Work instructions: Retrieve every line of the data holding the word "apply".

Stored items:
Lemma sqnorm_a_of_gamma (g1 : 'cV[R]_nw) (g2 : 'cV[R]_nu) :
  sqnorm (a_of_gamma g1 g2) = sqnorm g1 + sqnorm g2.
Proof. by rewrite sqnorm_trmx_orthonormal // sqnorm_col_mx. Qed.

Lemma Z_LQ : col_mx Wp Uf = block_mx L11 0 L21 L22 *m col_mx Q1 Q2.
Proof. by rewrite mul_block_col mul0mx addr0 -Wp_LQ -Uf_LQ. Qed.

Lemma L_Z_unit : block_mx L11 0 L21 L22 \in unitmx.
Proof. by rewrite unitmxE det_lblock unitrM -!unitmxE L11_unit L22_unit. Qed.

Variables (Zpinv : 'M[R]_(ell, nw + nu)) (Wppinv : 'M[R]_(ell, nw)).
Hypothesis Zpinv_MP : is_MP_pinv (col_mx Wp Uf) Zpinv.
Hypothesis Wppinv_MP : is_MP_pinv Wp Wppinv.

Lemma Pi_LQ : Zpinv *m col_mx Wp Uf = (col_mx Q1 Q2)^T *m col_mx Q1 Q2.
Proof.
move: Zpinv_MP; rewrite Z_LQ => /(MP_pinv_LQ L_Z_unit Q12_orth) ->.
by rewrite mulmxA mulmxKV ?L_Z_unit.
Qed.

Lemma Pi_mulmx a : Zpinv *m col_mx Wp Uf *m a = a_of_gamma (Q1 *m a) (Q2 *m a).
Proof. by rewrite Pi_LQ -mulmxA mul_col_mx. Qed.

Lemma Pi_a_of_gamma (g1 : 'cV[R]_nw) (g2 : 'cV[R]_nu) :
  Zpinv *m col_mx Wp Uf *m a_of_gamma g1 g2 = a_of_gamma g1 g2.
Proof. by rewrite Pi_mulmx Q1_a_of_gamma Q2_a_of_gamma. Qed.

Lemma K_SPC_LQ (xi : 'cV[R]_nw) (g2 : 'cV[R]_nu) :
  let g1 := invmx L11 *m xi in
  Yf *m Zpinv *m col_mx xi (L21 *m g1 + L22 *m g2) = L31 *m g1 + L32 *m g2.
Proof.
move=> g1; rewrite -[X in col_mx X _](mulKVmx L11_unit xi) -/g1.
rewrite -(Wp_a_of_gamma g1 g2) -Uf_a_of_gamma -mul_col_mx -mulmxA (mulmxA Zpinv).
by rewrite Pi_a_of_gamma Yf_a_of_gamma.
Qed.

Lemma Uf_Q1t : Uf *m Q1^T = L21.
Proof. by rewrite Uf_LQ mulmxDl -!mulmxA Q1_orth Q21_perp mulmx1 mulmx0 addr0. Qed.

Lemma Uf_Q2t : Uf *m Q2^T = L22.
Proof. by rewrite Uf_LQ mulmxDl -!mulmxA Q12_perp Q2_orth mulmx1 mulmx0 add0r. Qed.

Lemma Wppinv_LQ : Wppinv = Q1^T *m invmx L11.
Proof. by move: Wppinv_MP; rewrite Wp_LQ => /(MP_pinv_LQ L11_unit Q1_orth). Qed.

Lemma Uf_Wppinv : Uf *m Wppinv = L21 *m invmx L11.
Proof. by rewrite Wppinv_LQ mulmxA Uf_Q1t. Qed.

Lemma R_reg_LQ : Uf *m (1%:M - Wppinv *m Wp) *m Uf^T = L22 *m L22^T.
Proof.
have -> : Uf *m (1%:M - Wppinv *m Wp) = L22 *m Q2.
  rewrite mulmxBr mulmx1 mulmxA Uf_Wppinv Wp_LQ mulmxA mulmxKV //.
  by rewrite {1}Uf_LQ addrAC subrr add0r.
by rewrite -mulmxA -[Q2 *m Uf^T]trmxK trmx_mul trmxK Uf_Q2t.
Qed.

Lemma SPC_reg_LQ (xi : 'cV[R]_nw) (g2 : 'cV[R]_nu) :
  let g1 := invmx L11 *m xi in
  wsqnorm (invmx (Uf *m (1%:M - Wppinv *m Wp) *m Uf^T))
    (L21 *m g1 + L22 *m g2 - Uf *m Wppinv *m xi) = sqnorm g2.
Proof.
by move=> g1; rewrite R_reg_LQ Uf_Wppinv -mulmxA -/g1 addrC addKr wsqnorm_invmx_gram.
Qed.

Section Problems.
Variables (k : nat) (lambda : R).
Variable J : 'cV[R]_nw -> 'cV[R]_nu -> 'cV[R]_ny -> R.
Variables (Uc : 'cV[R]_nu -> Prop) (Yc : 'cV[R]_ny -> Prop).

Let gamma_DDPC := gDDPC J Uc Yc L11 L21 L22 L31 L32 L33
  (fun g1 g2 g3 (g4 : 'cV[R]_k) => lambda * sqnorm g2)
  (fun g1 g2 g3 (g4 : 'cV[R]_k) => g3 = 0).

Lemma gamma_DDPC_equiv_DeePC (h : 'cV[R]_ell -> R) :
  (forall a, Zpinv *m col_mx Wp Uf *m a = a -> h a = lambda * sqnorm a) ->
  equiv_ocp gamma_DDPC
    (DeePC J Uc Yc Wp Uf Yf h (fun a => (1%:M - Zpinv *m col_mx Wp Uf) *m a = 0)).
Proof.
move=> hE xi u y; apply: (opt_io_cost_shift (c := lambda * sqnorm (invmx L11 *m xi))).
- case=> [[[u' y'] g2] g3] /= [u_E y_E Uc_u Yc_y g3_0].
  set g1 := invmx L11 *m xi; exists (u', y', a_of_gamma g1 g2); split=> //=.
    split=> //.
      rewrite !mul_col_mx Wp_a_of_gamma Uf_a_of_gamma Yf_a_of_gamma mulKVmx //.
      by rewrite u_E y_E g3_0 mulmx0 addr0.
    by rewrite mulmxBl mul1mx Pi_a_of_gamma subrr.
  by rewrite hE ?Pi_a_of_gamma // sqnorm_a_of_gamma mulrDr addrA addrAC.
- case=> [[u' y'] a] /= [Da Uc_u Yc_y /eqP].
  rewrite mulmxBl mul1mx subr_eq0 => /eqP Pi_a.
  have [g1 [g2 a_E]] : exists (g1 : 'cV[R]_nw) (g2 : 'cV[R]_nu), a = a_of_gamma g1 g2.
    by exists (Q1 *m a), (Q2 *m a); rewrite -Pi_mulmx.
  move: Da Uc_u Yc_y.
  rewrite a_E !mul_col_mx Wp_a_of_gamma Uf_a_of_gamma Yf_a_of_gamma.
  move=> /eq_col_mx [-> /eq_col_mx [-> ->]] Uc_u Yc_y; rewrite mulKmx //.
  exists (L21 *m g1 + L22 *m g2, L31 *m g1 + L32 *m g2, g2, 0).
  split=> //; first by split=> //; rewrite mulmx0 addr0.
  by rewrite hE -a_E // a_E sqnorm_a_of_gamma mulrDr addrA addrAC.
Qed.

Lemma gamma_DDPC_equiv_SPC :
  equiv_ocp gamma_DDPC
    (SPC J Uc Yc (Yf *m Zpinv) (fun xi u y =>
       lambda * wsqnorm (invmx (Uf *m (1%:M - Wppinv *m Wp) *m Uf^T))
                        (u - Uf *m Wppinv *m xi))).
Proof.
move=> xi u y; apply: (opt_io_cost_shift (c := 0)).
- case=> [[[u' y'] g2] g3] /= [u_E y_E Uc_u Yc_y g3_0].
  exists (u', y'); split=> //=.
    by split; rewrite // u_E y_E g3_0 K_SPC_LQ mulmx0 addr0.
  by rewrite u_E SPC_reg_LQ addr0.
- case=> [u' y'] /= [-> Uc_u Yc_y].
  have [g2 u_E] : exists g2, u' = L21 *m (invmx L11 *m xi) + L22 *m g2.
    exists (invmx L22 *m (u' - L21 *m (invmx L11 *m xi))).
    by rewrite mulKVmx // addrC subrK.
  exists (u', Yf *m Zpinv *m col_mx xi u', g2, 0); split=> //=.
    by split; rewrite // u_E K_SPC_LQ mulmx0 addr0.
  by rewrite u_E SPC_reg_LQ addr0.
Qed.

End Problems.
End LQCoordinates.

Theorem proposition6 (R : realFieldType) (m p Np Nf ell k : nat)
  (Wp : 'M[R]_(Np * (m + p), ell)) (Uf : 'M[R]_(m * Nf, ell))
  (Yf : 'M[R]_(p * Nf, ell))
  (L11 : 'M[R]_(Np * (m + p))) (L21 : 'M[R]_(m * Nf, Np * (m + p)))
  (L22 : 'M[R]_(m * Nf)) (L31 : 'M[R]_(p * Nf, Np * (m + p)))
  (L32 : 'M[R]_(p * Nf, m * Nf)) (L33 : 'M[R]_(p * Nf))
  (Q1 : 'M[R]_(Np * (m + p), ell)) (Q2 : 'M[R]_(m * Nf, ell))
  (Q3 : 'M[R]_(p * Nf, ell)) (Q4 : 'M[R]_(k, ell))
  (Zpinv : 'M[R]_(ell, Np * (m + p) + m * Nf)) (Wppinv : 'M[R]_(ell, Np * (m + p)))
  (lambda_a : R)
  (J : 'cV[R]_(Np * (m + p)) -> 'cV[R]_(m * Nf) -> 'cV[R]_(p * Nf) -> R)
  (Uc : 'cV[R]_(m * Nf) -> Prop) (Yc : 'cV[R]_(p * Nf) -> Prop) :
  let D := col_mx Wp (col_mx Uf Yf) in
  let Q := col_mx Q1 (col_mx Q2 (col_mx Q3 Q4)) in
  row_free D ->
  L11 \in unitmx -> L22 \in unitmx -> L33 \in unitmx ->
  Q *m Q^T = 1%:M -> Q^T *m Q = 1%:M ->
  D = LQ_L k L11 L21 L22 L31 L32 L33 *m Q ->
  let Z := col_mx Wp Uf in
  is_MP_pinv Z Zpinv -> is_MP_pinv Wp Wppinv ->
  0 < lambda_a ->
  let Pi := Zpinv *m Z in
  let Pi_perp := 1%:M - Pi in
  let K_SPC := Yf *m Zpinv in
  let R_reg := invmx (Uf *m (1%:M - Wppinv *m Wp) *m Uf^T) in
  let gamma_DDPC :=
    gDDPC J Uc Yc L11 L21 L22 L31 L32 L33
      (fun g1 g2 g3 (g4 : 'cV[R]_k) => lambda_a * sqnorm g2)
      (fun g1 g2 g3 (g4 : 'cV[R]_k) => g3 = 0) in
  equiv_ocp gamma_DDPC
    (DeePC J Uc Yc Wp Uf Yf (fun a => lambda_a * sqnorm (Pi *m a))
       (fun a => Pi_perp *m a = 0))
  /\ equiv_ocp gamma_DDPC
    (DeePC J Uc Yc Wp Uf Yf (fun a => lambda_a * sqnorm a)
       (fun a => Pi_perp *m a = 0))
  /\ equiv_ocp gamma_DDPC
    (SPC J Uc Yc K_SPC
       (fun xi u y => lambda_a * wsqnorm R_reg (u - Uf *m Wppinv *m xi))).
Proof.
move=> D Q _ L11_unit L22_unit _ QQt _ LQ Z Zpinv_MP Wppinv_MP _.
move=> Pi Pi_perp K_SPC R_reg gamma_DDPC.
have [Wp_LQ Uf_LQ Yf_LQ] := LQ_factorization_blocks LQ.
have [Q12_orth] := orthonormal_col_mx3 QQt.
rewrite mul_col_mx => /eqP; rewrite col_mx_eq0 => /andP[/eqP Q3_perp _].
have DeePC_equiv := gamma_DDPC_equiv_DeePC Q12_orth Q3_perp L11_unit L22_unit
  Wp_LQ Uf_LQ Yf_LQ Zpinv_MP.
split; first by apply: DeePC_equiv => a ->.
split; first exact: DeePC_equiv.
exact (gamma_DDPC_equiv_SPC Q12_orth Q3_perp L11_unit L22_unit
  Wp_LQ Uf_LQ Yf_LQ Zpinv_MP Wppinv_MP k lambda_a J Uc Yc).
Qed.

Answer to the problem:
move=> hE xi u y; apply: (opt_io_cost_shift (c := lambda * sqnorm (invmx L11 *m xi))).
move=> xi u y; apply: (opt_io_cost_shift (c := 0)).
split; first by apply: DeePC_equiv => a ->.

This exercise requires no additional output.